沈云初跟着如月回到宴客厅。
长公主坐在上首,手里端着茶盏,正慢悠悠拨着浮叶。
听见脚步声,她抬起眼,目光在沈云初脸上扫过。
“方才嘉宁说你身子不适,眼下可好些了?”
沈云初垂眼行礼:“劳殿下挂心,已无碍了。”
“那就好。”长公主放下茶盏,朝她招招手,“来,过来坐。”
沈云初依言走过去,在长公主下首的绣墩上坐了。有丫鬟捧上热茶,她接在手里,指尖触到温热的瓷壁,心口那点莫名的寒意却未散去。

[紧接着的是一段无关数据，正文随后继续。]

(* Let $n\geq 2$. Let $\mathbf{P}\subseteq\mathbf{Q}$ be structures in $\mathcal{PO}_{n,<_1,\ldots,<_n}$ ($\mathbf{P}$ a substructure of $\mathbf{Q}$). If $f$ is an embedding of $\mathbf{P}$ into $\mathbf{D}_{n,<_1,\ldots,<_n}$, then there is an embedding $g$ of $\mathbf{Q}$ into $\mathbf{D}_{n,<_1,\ldots,<_n}$ which extends $f$.
   Context: Fix $n\geq 2$ and a set $D_n\subseteq\mathbb{Q}^n$ which is dense in $\mathbb{Q}^n$ (product topology) and such that no two distinct points of $D_n$ share a common coordinate. $\mathbf{D}_{n,<_1,\ldots,<_n}=(D_n,<,<_1,\ldots,<_n)$ where $<$ is the product order ($\mathbf{a}<\mathbf{b}$ iff $a_i\leq b_i$ for all $i$ and $\mathbf{a}\neq\mathbf{b}$) and $\mathbf{a}<_i\mathbf{b}$ iff $a_i<b_i$. $\mathcal{PO}_{n,<_1,\ldots,<_n}$ is the class of all finite structures $(P,<,<_1,\ldots,<_n)$ where $<_1,\ldots,<_n$ are strict linear orders on $P$ and $a<b$ iff $a<_ib$ for all $i\leq n$. Embeddings are injective maps preserving and reflecting each of $<,<_1,\ldots,<_n$; substructures carry the induced relations. *)

From mathcomp Require Import all_boot all_order all_algebra.
Set Implicit Arguments. Unset Strict Implicit. Unset Printing Implicit Defensive.
Import Order.TTheory GRing.Theory Num.Theory.
Local Open Scope ring_scope.

Definition pt (n : nat) := 'I_n -> rat.

Definition prod_lt n (a b : pt n) : Prop := (forall i, a i <= b i) /\ a <> b.

Definition coord_lt n (i : 'I_n) (a b : pt n) : Prop := a i < b i.

(* D is dense in Q^n (product topology): D meets every nonempty basic open
   set, i.e. every product of nonempty open rational intervals. *)
Definition dense_in n (D : pt n -> Prop) : Prop :=
  forall a b : pt n, (forall i, a i < b i) ->
    exists d, D d /\ forall i, a i < d i /\ d i < b i.

Definition distinct_coords n (D : pt n -> Prop) : Prop :=
  forall a b, D a -> D b -> a <> b -> forall i, a i <> b i.

Definition strict_linear (T : finType) (r : rel T) : Prop :=
  irreflexive r /\ transitive r /\ (forall x y, x != y -> r x y || r y x).

Definition is_PO n (T : finType) (lt : rel T) (lts : 'I_n -> rel T) : Prop :=
  (forall i, strict_linear (lts i)) /\
  (forall x y, lt x y <-> (forall i, lts i x y)).

(* f restricted to A is an embedding of the substructure of (T, lt, lts)
   induced on A into D_{n,<_1,...,<_n} = (D, prod_lt, coord_lt ...):
   injective, lands in D, preserves and reflects < and each <_i. *)
Definition embedding_on n (T : finType) (lt : rel T) (lts : 'I_n -> rel T)
    (A : {set T}) (D : pt n -> Prop) (f : T -> pt n) : Prop :=
  (forall x, x \in A -> D (f x)) /\
  {in A &, injective f} /\
  (forall x y, x \in A -> y \in A ->
     (lt x y <-> prod_lt (f x) (f y)) /\
     (forall i, lts i x y <-> coord_lt i (f x) (f y))).

From mathcomp Require Import all_boot all_order all_algebra.
From mathcomp Require Import lra.
Set Implicit Arguments. Unset Strict Implicit. Unset Printing Implicit Defensive.
Import Order.TTheory GRing.Theory Num.Theory.
Local Open Scope ring_scope.

(* Extend f one point at a time.  For a new point x and each coordinate i,
   the images of the points of A that are <_i-below x lie strictly below the
   images of those <_i-above x, so some open box consists of points placed
   correctly with respect to every f z in every coordinate, and density puts
   a point d of D in it.  As each <_i is linear, every coordinate of d
   differs from that of each f z, so the product order between d and f z is
   decided coordinatewise, exactly as < is in a structure of PO_n. *)

Lemma separating_box (R : realDomainType) n (I : finType)
    (P Q : 'I_n -> pred I) (F : I -> 'I_n -> R) :
  (forall i a b, P i a -> Q i b -> F a i < F b i) ->
  exists l u : 'I_n -> R, forall i, [/\ l i < u i,
    forall a, P i a -> F a i <= l i & forall b, Q i b -> u i <= F b i].
Proof.
move=> PltQ.
pose lo i := \big[Order.min/0]_a F a i - 1.
pose hi i := \big[Order.max/0]_a F a i + 1.
exists (fun i => \big[Order.max/lo i]_(a | P i a) F a i).
exists (fun i => \big[Order.min/hi i]_(b | Q i b) F b i) => i.
have lo_lt a : lo i < F a i.
  by have := bigmin_le 0 a (F ^~ i); rewrite /lo; lra.
have lt_hi a : F a i < hi i.
  by have := le_bigmax 0 (F ^~ i) a; rewrite /hi; lra.
split.
- apply/bigmax_ltP; split.
    apply/bigmin_gtP; split=> [|b _]; last exact: lo_lt.
    have := bigmin_le_id (index_enum I) 0 xpredT (F ^~ i).
    have := bigmax_ge_id (index_enum I) 0 xpredT (F ^~ i).
    by rewrite /lo /hi; lra.
  by move=> a Pa; apply/bigmin_gtP; split=> // b Qb; apply: PltQ.
- by move=> a Pa; apply: le_bigmax_cond.
- by move=> b Qb; apply: bigmin_le_cond.
Qed.

Lemma prod_lt_coordE n (i0 : 'I_n) (p q : pt n) : (forall i, p i != q i) ->
  prod_lt p q <-> forall i, coord_lt i p q.
Proof.
move=> pq_neq; split=> [[p_le_q _] i | p_lt_q].
  by rewrite /coord_lt lt_neqAle pq_neq p_le_q.
split=> [i|pq]; first exact/ltW/p_lt_q.
by have := pq_neq i0; rewrite pq eqxx.
Qed.

Section PO_embeddings.

Variables (n : nat) (i0 : 'I_n) (T : finType) (lt : rel T) (lts : 'I_n -> rel T).
Hypothesis HQ : is_PO lt lts.
Variable D : pt n -> Prop.

Lemma PO_ltsxx i x : lts i x x = false.
Proof. by have [irr _] := HQ.1 i; exact: irr. Qed.

Lemma PO_lts_total i x y : x != y -> lts i x y || lts i y x.
Proof. by have [_ [_ tot]] := HQ.1 i; apply: tot. Qed.

Lemma PO_lts_trans i : transitive (lts i).
Proof. by have [_ [tr _]] := HQ.1 i. Qed.

Lemma PO_ltxx x : ~ lt x x.
Proof. by move/(HQ.2 x x)/(_ i0); rewrite PO_ltsxx. Qed.

Lemma embedding_on_coord (A : {set T}) (g : T -> pt n) :
  (forall x, x \in A -> D (g x)) ->
  (forall x y i, x \in A -> y \in A -> lts i x y <-> coord_lt i (g x) (g y)) ->
  embedding_on lt lts A D g.
Proof.
move=> gD g_lts.
have g_neq x y i : x \in A -> y \in A -> x != y -> g x i != g y i.
  move=> xA yA /(PO_lts_total i)/orP[/(g_lts _ _ _ xA yA)|/(g_lts _ _ _ yA xA)].
    by move/lt_eqF->.
  by move/gt_eqF->.
split=> //; split=> [x y xA yA gxy|x y xA yA].
  by apply/eqP/negPn/negP => /(g_neq _ _ i0 xA yA); rewrite gxy eqxx.
split=> [|i]; last exact: g_lts.
have [<-|xy] := eqVneq x y; first by split=> [/PO_ltxx|[]].
have coordE := prod_lt_coordE i0 (fun i => g_neq x y i xA yA xy).
split=> [/(HQ.2 x y) lts_xy | /coordE lt_gxy].
  by apply/coordE => i; apply/(g_lts _ _ i xA yA).
by apply/(HQ.2 x y) => i; apply/(g_lts _ _ i xA yA).
Qed.

Hypothesis Ddense : dense_in D.

Lemma exists_separating_point (A : {set T}) f x :
  embedding_on lt lts A D f ->
  exists2 d, D d & forall z i, z \in A ->
    (lts i z x -> f z i < d i) /\ (lts i x z -> d i < f z i).
Proof.
case=> _ [_ f_rel].
have below_lt_above i a b :
    (a \in A) && lts i a x -> (b \in A) && lts i x b -> f a i < f b i.
  move=> /andP[aA ax] /andP[bA xb].
  exact/((f_rel a b aA bA).2 i)/(PO_lts_trans ax xb).
have [l [u lu]] := separating_box below_lt_above.
have [d [dD ld]] := Ddense (fun i => let: And3 l_lt_u _ _ := lu i in l_lt_u).
exists d => // z i zA; have [_ below above] := lu i; have [l_d d_u] := ld i.
split=> [zx|xz].
  by apply: le_lt_trans l_d; apply: below; rewrite zA.
by apply: lt_le_trans d_u _; apply: above; rewrite zA.
Qed.

Lemma embedding_on_setU1 (A : {set T}) f x d :
  embedding_on lt lts A D f -> x \notin A -> D d ->
  (forall z i, z \in A ->
    (lts i z x -> f z i < d i) /\ (lts i x z -> d i < f z i)) ->
  embedding_on lt lts (x |: A) D (fun y => if y == x then d else f y).
Proof.
move=> [fD [_ f_rel]] xA dD d_sep.
have zx_neq z : z \in A -> z != x by apply: contraTneq => ->.
have lts_zx z i : z \in A -> lts i z x <-> coord_lt i (f z) d.
  move=> zA; split=> [/(d_sep z i zA).1 // | f_lt_d].
  case/orP: (PO_lts_total i (zx_neq z zA)) => // /(d_sep z i zA).2 d_lt_f.
  by have := lt_trans f_lt_d d_lt_f; rewrite ltxx.
have lts_xz z i : z \in A -> lts i x z <-> coord_lt i d (f z).
  move=> zA; split=> [/(d_sep z i zA).2 // | d_lt_f].
  case/orP: (PO_lts_total i (zx_neq z zA)) => // /(d_sep z i zA).1 f_lt_d.
  by have := lt_trans f_lt_d d_lt_f; rewrite ltxx.
apply: embedding_on_coord => [y | y z i]; rewrite !in_setU1.
  by case/predU1P => [->|yA]; rewrite ?eqxx // (negPf (zx_neq _ yA)); apply: fD.
case/predU1P => [->|yA] /predU1P[->|zA];
  rewrite ?eqxx ?(negPf (zx_neq _ yA)) ?(negPf (zx_neq _ zA)).
- by rewrite PO_ltsxx /coord_lt ltxx.
- exact: lts_xz.
- exact: lts_zx.
- exact: (f_rel y z yA zA).2.
Qed.

Lemma embedding_on_extend (A : {set T}) f : embedding_on lt lts A D f ->
  exists g, embedding_on lt lts [set: T] D g /\ forall x, x \in A -> g x = f x.
Proof.
have [k] := ubnP #|~: A|; elim: k A f => // k IH A f cardA f_emb.
have [A_full | [x]] := set_0Vmem (~: A).
  by exists f; move: f_emb; rewrite -(setCK A) A_full setC0.
rewrite inE => xA.
have [d dD d_sep] := exists_separating_point x f_emb.
have [|g [g_emb g_f]] := IH _ _ _ (embedding_on_setU1 f_emb xA dD d_sep).
  have shrink : (#|~: (x |: A)| < #|~: A|)%N.
    by apply/proper_card; rewrite properC properUr // sub1set.
  by apply: leq_trans shrink _; rewrite -ltnS.
exists g; split=> // y yA.
rewrite g_f ?in_setU1 ?yA ?orbT //.
by case: eqP yA => // ->; rewrite (negPf xA).
Qed.

End PO_embeddings.

Theorem lemma3p1 (n : nat) (hn : (2 <= n)%N) (D : pt n -> Prop)
  (Ddense : dense_in D) (Ddist : distinct_coords D)
  (T : finType) (lt : rel T) (lts : 'I_n -> rel T) (HQ : is_PO lt lts)
  (A : {set T}) (f : T -> pt n) (Hf : embedding_on lt lts A D f) :
  exists g : T -> pt n,
    embedding_on lt lts [set: T] D g /\ (forall x, x \in A -> g x = f x).
Proof. exact: (embedding_on_extend (Ordinal (ltnW hn)) HQ Ddense Hf). Qed.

长公主侧过脸看她,“永昌伯那事,你且宽心。既然我答应要帮你,就不会放任他继续欺负沈氏。”
沈云初捧着茶盏的手指微微收紧。
她抬眼看长公主。
那张保养得宜的脸上,眼角细细的纹路里都带着笑意,看着慈和又关切。
沈云初一时间竟有些怔忪。
她想起方才,祁烬房里燃起的异香,泼在她身上的茶水……此刻,长公主坐在这儿,温声一句帮忙,直接抹干净一切腌臜。这种看不透,比明刀明枪的敌意更让她心里发怵。

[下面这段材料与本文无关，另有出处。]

Lemma consec_next (e : E) r f : f \in e :: r -> f != last e r ->
  exists b, consec (e :: r) f b.
Proof.
elim: r e => [|y r IH] e; first by rewrite inE => /eqP->; rewrite eqxx.
rewrite inE => /orP[/eqP->|fr] Hl; first by exists y; rewrite consec_cons2 eqxx.
by have [b Hb] := IH y fr Hl; exists b; rewrite consec_cons2 Hb orbT.
Qed.

Lemma consec_prev (e : E) r f : f \in e :: r -> f != e ->
  exists a, consec (e :: r) a f.
Proof.
elim: r e => [|y r IH] e; first by rewrite inE => /eqP->; rewrite eqxx.
rewrite inE => /orP[/eqP->|fr]; first by rewrite eqxx.
move=> _; have [->|fy] := eqVneq f y; first by exists e; rewrite consec_cons2 eqxx.
by have [a Ha] := IH y fr fy; exists a; rewrite consec_cons2 Ha orbT.
Qed.

Lemma count_consec_at (e : E) r (v : V) : path step e r ->
  count (fun ab : E * E => hd ab.1 == v) (zip (e :: r) r) <= 1.
Proof.
elim: r e => // y r IH e /= /andP[He Hp].
case: eqP => Hv; last exact: IH.
rewrite add1n ltnS leqn0 -/(zip (y :: r) r) eqn0Ngt -has_count.
apply/hasPn => -[a b] /= Hab; have [ma _] := @consec_mem (y :: r) a b Hab.
by have := walk_no_return Hp ma; rewrite -(eqP He) Hv => /negbTE->.
Qed.

Lemma prefix_shape (v : V) (e : E) r :
  path step e r -> v \in map hd (e :: r) ->
  exists r', [/\ prefix_to hd v (e :: r) = e :: r', path step e r' &
                 hd (last e r') = v].
Proof.
move=> Hp Hv; rewrite /prefix_to /=; case: ifP => He.
  by exists [::]; split => //; [case: (r) | apply/eqP].
have Hhas : has (fun a => hd a == v) r.
  move: Hv; rewrite /= inE => /orP[/eqP Hve|/mapP[f fr Hf]].
    by rewrite -Hve eqxx in He.
  by apply/hasP; exists f => //; rewrite Hf.
exists (take (find (fun a => hd a == v) r).+1 r); split => //; first exact: take_path.
have Hfind := nth_find e Hhas; rewrite has_find in Hhas.
by rewrite (take_nth e Hhas) last_rcons (eqP Hfind).
Qed.

Section Prefix.
Variables (v : V) (e : E) (r : seq E).
Hypotheses (Hp : path step e r) (Hv : v \in map hd (e :: r)).
Local Notation C := (prefix_to hd v (e :: r)).

Lemma prefix_forward a b : consec (e :: r) a b -> a \in C -> hd a != v -> b \in C.
Proof.
have [r' [HC Hp' Hl]] := prefix_shape Hp Hv; rewrite HC => Hab aC nav.
have [b' Hb'] : exists b', consec (e :: r') a b'.
  by apply: consec_next => //; apply: contraNneq nav => ->; rewrite Hl.
have Hb'r : consec (e :: r) a b' by rewrite -HC in Hb'; exact: consec_take Hb'.
have [_ ->] := consec_uniq Hp Hab Hb'r erefl.
by case: (consec_mem Hb').
Qed.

“怎么这样看我?”长公主笑了,伸手拍了拍她的手背,“可是吓着了?放心,有本宫在,永昌伯翻不出什么浪来!”
沈云初垂下眼,将茶盏搁在几上:“多谢殿下。”
长公主又笑了笑,正要说什么,庭院忽然传来一道脚步声。
沈云初神色黯了黯。
“殿下,”她的声音尽量正常,“今日叨扰多时,也是时候回侯府了。”
长公主抬眼看看她,又瞥了一眼走来的祁烬,嘴角弯了弯。